Date: Thu, 14 Aug 2003 08:18:36 -0400
From: Peter Banks <PBanks@diabetes.org>
To: jan@biomedcentral.com, ssp@lists.sspnet.org, liblicense-l@lists.yale.edu
Subject: Re: Payment at input and introducing competition (was: PLoS 
pricing.. .)

Jan, perhaps it's time that you started reading something other than the
tracts of the open access movement. You seem to have as accurate a view of
traditional publishing as George F. Will does about liberals. In
particular, I believe you generalize from the experience of a few
high-priced for-profit journals, and assume that is the experience of the
thousands of association and society journals who struggle everyday to
deliver the best information at the fairest possible cost.

I only wish I could relax in the knowledge that I could "recoup thousands
of dollars per article from Academe." This certainly isn't the experience
of any association circulation director I know.

As for the idea that publishers would go so far as to increase point size
and kerning to boost pages and prices, I'll send you copies of Diabetes
from today and 10 years ago. Today's theme: Reading glasses.

You ask a lot of excellent questions--NONE of which have been answered
yet, except perhaps in the minds of some of the rather messianic thinkers
behind the open access movement.

<<< jan@biomedcentral.com  8/14  7:55a >>>
Dean Anderson raises some interesting points. 

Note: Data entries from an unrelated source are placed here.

(* For a positive integer $X$, let $N_X$ denote the number of distinct orbits $o(\mathbf{x})$, $\mathbf{x}\in\mathbb{Z}^2$, with $\operatorname{length}(o(\mathbf{x}))=X$. Then $N_X=0$ if $4\nmid X$, and $$N_X=\Big\lfloor\frac X6\Big\rfloor-\Big\lceil\frac X{12}\Big\rceil+1\quad\text{if } 4\mid X.$$
   Context: Define $\mathcal K_1(x_1,x_2)=(-x_1+x_2,x_2)$ and $\mathcal K_2(x_1,x_2)=(x_1,x_1-x_2)$ on $\mathbb{Z}^2$. The orbit $o(\mathbf{x})$ is the set of points obtained from $\mathbf{x}$ by repeated application of $\mathcal K_1,\mathcal K_2$: $(x_1,x_2)$, $(-x_1+x_2,x_2)$, $(-x_1+x_2,-x_1)$, $(-x_2,-x_1)$, $(-x_2,x_1-x_2)$, $(x_1,x_1-x_2)$. Orbits partition $\mathbb{Z}^2$. The length of the orbit is the Euclidean length of the closed path through the six points in the listed order: $$\operatorname{length}(o(\mathbf{x}))=2\big(|2x_1-x_2|+|x_1+x_2|+|2x_2-x_1|\big).$$ *)

From Stdlib Require Import ZArith List.
Open Scope Z_scope.

Definition K1 (p : Z * Z) : Z * Z := (- fst p + snd p, snd p).
Definition K2 (p : Z * Z) : Z * Z := (fst p, fst p - snd p).

Inductive in_orbit (x : Z * Z) : Z * Z -> Prop :=
| orb_refl : in_orbit x x
| orb_K1 y : in_orbit x y -> in_orbit x (K1 y)
| orb_K2 y : in_orbit x y -> in_orbit x (K2 y).

Definition orbit (x : Z * Z) : Z * Z -> Prop := in_orbit x.

Definition same_orbit (a b : Z * Z) : Prop :=
  forall y, orbit a y <-> orbit b y.

Definition orbit_length (x : Z * Z) : Z :=
  2 * (Z.abs (2 * fst x - snd x) + Z.abs (fst x + snd x) + Z.abs (2 * snd x - fst x)).

Definition num_orbits (X : Z) (n : nat) : Prop :=
  exists s : list (Z * Z),
    length s = n /\ NoDup s /\
    (forall a, In a s -> orbit_length a = X) /\
    (forall a b, In a s -> In b s -> same_orbit a b -> a = b) /\
    (forall x, orbit_length x = X -> exists a, In a s /\ same_orbit x a).

(** Writing [u = 2 x1 - x2] and [w = 2 x2 - x1] (so [x1 + x2 = u + w]), the
    length is [2 (|u| + |w| + |u + w|) = 4 M] with [M = max (|u|, |w|, |u + w|)],
    hence always divisible by 4.  The orbit of [x] is the hexagon of six points
    obtained by alternately applying [K1] and [K2]; in the [(u, w)] coordinates
    these points sit one on each side of the hexagon [max (|u|, |w|, |u + w|) = M],
    so every orbit of length [4 M] meets the segment [u = -M, 0 <= w <= M]
    exactly once.  Counting the lattice points on that segment, i.e. the integers
    [x1] with [-2M <= 3 x1 <= -M], gives [floor (2M/3) - ceil (M/3) + 1]. *)
From Stdlib Require Import ZArith List Lia FinFun.
Import ListNotations.
Open Scope Z_scope.

Lemma K1_involutive p : K1 (K1 p) = p.
Proof. destruct p; unfold K1; simpl; f_equal; lia. Qed.

Lemma K2_involutive p : K2 (K2 p) = p.
Proof. destruct p; unfold K2; simpl; f_equal; lia. Qed.

Lemma in_orbit_trans x y z : in_orbit x y -> in_orbit y z -> in_orbit x z.
Proof. intros Hxy Hyz; induction Hyz; [exact Hxy | apply orb_K1 | apply orb_K2]; auto. Qed.

Lemma in_orbit_sym x y : in_orbit x y -> in_orbit y x.
Proof.
  induction 1 as [| y _ IH | y _ IH]; [constructor | |];
    apply (in_orbit_trans _ y); auto.
  - rewrite <- (K1_involutive y) at 2; repeat constructor.
  - rewrite <- (K2_involutive y) at 2; repeat constructor.
Qed.

Lemma same_orbit_of_in_orbit x a : in_orbit x a -> same_orbit x a.
Proof.
  intros Hxa y; split; intro H.
  - exact (in_orbit_trans _ _ _ (in_orbit_sym _ _ Hxa) H).
  - exact (in_orbit_trans _ _ _ Hxa H).
Qed.

Definition hexagon (x : Z * Z) : list (Z * Z) :=
  [x; K1 x; K2 (K1 x); K1 (K2 (K1 x)); K2 (K1 (K2 (K1 x)));
   K1 (K2 (K1 (K2 (K1 x))))].

Lemma in_orbit_hexagon x y : in_orbit x y <-> In y (hexagon x).
Proof.
  split.
  - induction 1 as [| y _ IH | y _ IH]; [now left | |];
      destruct x; destruct IH as [<-|[<-|[<-|[<-|[<-|[<-|[]]]]]]];
      unfold hexagon, K1, K2; cbn; repeat first [left; f_equal; lia | right].
  - intros [<-|[<-|[<-|[<-|[<-|[<-|[]]]]]]]; repeat constructor.
Qed.

Lemma orbit_length_divisible_by_4 x : (4 | orbit_length x).
Proof.
  destruct x as [x1 x2]; unfold orbit_length; cbn [fst snd].
  set (u := 2 * x1 - x2); set (w := 2 * x2 - x1).
  replace (x1 + x2) with (u + w) by (unfold u, w; lia). clearbody u w.
  destruct (Z.le_ge_cases 0 u), (Z.le_ge_cases 0 w), (Z.le_ge_cases 0 (u + w));
    first [ exists (Z.abs u); lia | exists (Z.abs w); lia | exists (Z.abs (u + w)); lia ].
Qed.

(* The segment [u = -M, 0 <= w <= M] in the coordinates of the header. *)
Definition fundamental (M : Z) (q : Z * Z) : Prop :=
  snd q = 2 * fst q + M /\ -2 * M <= 3 * fst q /\ 3 * fst q <= -M.

Lemma orbit_length_fundamental M q : fundamental M q -> orbit_length q = 4 * M.
Proof. destruct q; unfold fundamental, orbit_length; cbn [fst snd]; lia. Qed.

Lemma hexagon_meets_fundamental M x :
  orbit_length x = 4 * M -> exists q, In q (hexagon x) /\ fundamental M q.
Proof.
  intros Hlen; apply Exists_exists.
  destruct x as [x1 x2]; unfold orbit_length in Hlen; cbn [fst snd] in Hlen.
  (* the sign pattern of [(u, w, u + w)] decides which side of the hexagon is [u = -M] *)
  destruct (Z.le_ge_cases 0 (2 * x1 - x2)), (Z.le_ge_cases 0 (2 * x2 - x1)),
    (Z.le_ge_cases 0 (x1 + x2));
    unfold hexagon; repeat first
      [ apply Exists_cons_hd; unfold fundamental, K1, K2; cbn [fst snd]; lia
      | apply Exists_cons_tl ].
Qed.

Lemma fundamental_unique_in_hexagon M a b :
  fundamental M a -> fundamental M b -> In b (hexagon a) -> a = b.
Proof.
  destruct a as [a1 a2], b as [b1 b2]; unfold fundamental, hexagon, K1, K2; cbn [fst snd In].
  intros Ha Hb Hin.
  destruct Hin as [E|[E|[E|[E|[E|[E|[]]]]]]]; injection E; intros; f_equal; lia.
Qed.

Definition zrange (lo hi : Z) : list Z :=
  map (fun i => lo + Z.of_nat i) (seq 0 (Z.to_nat (hi - lo + 1))).

Lemma in_zrange lo hi c : In c (zrange lo hi) <-> lo <= c <= hi.
Proof.
  unfold zrange; rewrite in_map_iff; split.
  - intros [i [<- Hi]]; apply in_seq in Hi; lia.
  - intros Hc; exists (Z.to_nat (c - lo)); rewrite in_seq; lia.
Qed.

Lemma zrange_NoDup lo hi : NoDup (zrange lo hi).
Proof.
  apply Injective_map_NoDup; [intros i j; lia | apply seq_NoDup].
Qed.

Lemma length_zrange lo hi : length (zrange lo hi) = Z.to_nat (hi - lo + 1).
Proof. unfold zrange; now rewrite length_map, length_seq. Qed.

Definition fundamental_points (M : Z) : list (Z * Z) :=
  map (fun c => (c, 2 * c + M)) (zrange (- (2 * M / 3)) (- ((M + 2) / 3))).

Lemma in_fundamental_points M q : In q (fundamental_points M) <-> fundamental M q.
Proof.
  unfold fundamental_points, fundamental; rewrite in_map_iff.
  pose proof (Z.div_mod (2 * M) 3 ltac:(lia)); pose proof (Z.mod_pos_bound (2 * M) 3 ltac:(lia)).
  pose proof (Z.div_mod (M + 2) 3 ltac:(lia)); pose proof (Z.mod_pos_bound (M + 2) 3 ltac:(lia)).
  split.
  - intros [c [<- Hc]]; apply in_zrange in Hc; cbn [fst snd]; lia.
  - destruct q as [c d]; cbn [fst snd]; intros (-> & Hc); exists c; rewrite in_zrange; split; [easy | lia].
Qed.

Lemma num_orbits_not_divisible_by_4 X : ~ (4 | X) -> num_orbits X 0.
Proof.
  intros H4; exists nil; repeat split; try constructor; try (cbn; tauto).
  intros x Hx; exfalso; apply H4; rewrite <- Hx; apply orbit_length_divisible_by_4.
Qed.

Lemma num_orbits_4M M :
  num_orbits (4 * M) (Z.to_nat (2 * M / 3 - (M + 2) / 3 + 1)).
Proof.
  exists (fundamental_points M); repeat split.
  - unfold fundamental_points; rewrite length_map, length_zrange; f_equal; lia.
  - apply Injective_map_NoDup; [intros c c' E; now injection E | apply zrange_NoDup].
  - intros a Ha; apply in_fundamental_points in Ha; now apply orbit_length_fundamental.
  - intros a b Ha Hb Hab; apply in_fundamental_points in Ha, Hb.
    apply (fundamental_unique_in_hexagon M); auto.
    apply in_orbit_hexagon, Hab; constructor.
  - intros x Hx; destruct (hexagon_meets_fundamental M x Hx) as [q [Hq Hfq]].
    exists q; split; [now apply in_fundamental_points |].
    now apply same_orbit_of_in_orbit, in_orbit_hexagon.
Qed.

Lemma floor_ceil_4M M :
  4 * M / 6 - (4 * M + 11) / 12 + 1 = 2 * M / 3 - (M + 2) / 3 + 1.
Proof.
  pose proof (Z.div_mod (2 * M) 3 ltac:(lia)); pose proof (Z.mod_pos_bound (2 * M) 3 ltac:(lia)).
  pose proof (Z.div_mod (M + 2) 3 ltac:(lia)); pose proof (Z.mod_pos_bound (M + 2) 3 ltac:(lia)).
  pose proof (Z.div_mod (4 * M) 6 ltac:(lia)); pose proof (Z.mod_pos_bound (4 * M) 6 ltac:(lia)).
  pose proof (Z.div_mod (4 * M + 11) 12 ltac:(lia));
    pose proof (Z.mod_pos_bound (4 * M + 11) 12 ltac:(lia)).
  lia.
Qed.

Theorem mainTheorem16 (X : Z) (hX : 0 < X) :
  (~ (4 | X) -> num_orbits X 0%nat) /\
  ((4 | X) -> num_orbits X (Z.to_nat (X / 6 - (X + 11) / 12 + 1))).
Proof.
  split; [apply num_orbits_not_divisible_by_4 |].
  intros [M ->]; rewrite Z.mul_comm, floor_ceil_4M.
  apply num_orbits_4M.
Qed.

First, the drawback that he sees in "a model that relies on authors to
cover publishing costs is that publishers will have a strong incentive to
keep pushing up fees". Journals -- traditional subscription-based journals
and open access journals alike -- compete for authors and their papers.

[SNIP]

Coming back to incentives to push up fees, wouldn't it be so that if the
competition is indeed for authors, and the choice of where to submit for
publication is the authors', payment on behalf of authors is a strong
*disincentive* to keep pushing up fees? Wouldn't input-related charges
restore transparency and a relationship between price and quantity?
Wouldn't, even if it were to result in the same total cost to Academe in
the aggregate, open access be preferable to access restricted to those who
pay? I know, in an input-paid system authors without funding, for instance
those from developing countries, would still be disadvantaged. But it is
an awful lot easier to remedy that by waivers, subsidies, differential
pricing, than to prevent, by legal and technical means, any 'seepage' or
'leakage' of cheap subscriptions to developing countries back into richer
countries which is necessary in a subscription and licence environment.

The other point Anderson makes is that "The end result is that control
over what is published will shift from the consumers of information, who
ultimately decide what will be published through their subscription
dollars, to the sponsors of research".

If only. Would there be a serials crisis if this were the case? Doesn't he
imply that the consumers of information should decide what research is
being done? Research being done is, on the whole, published. The sponsors
insist on that. The 'publish-or-perish' imperative.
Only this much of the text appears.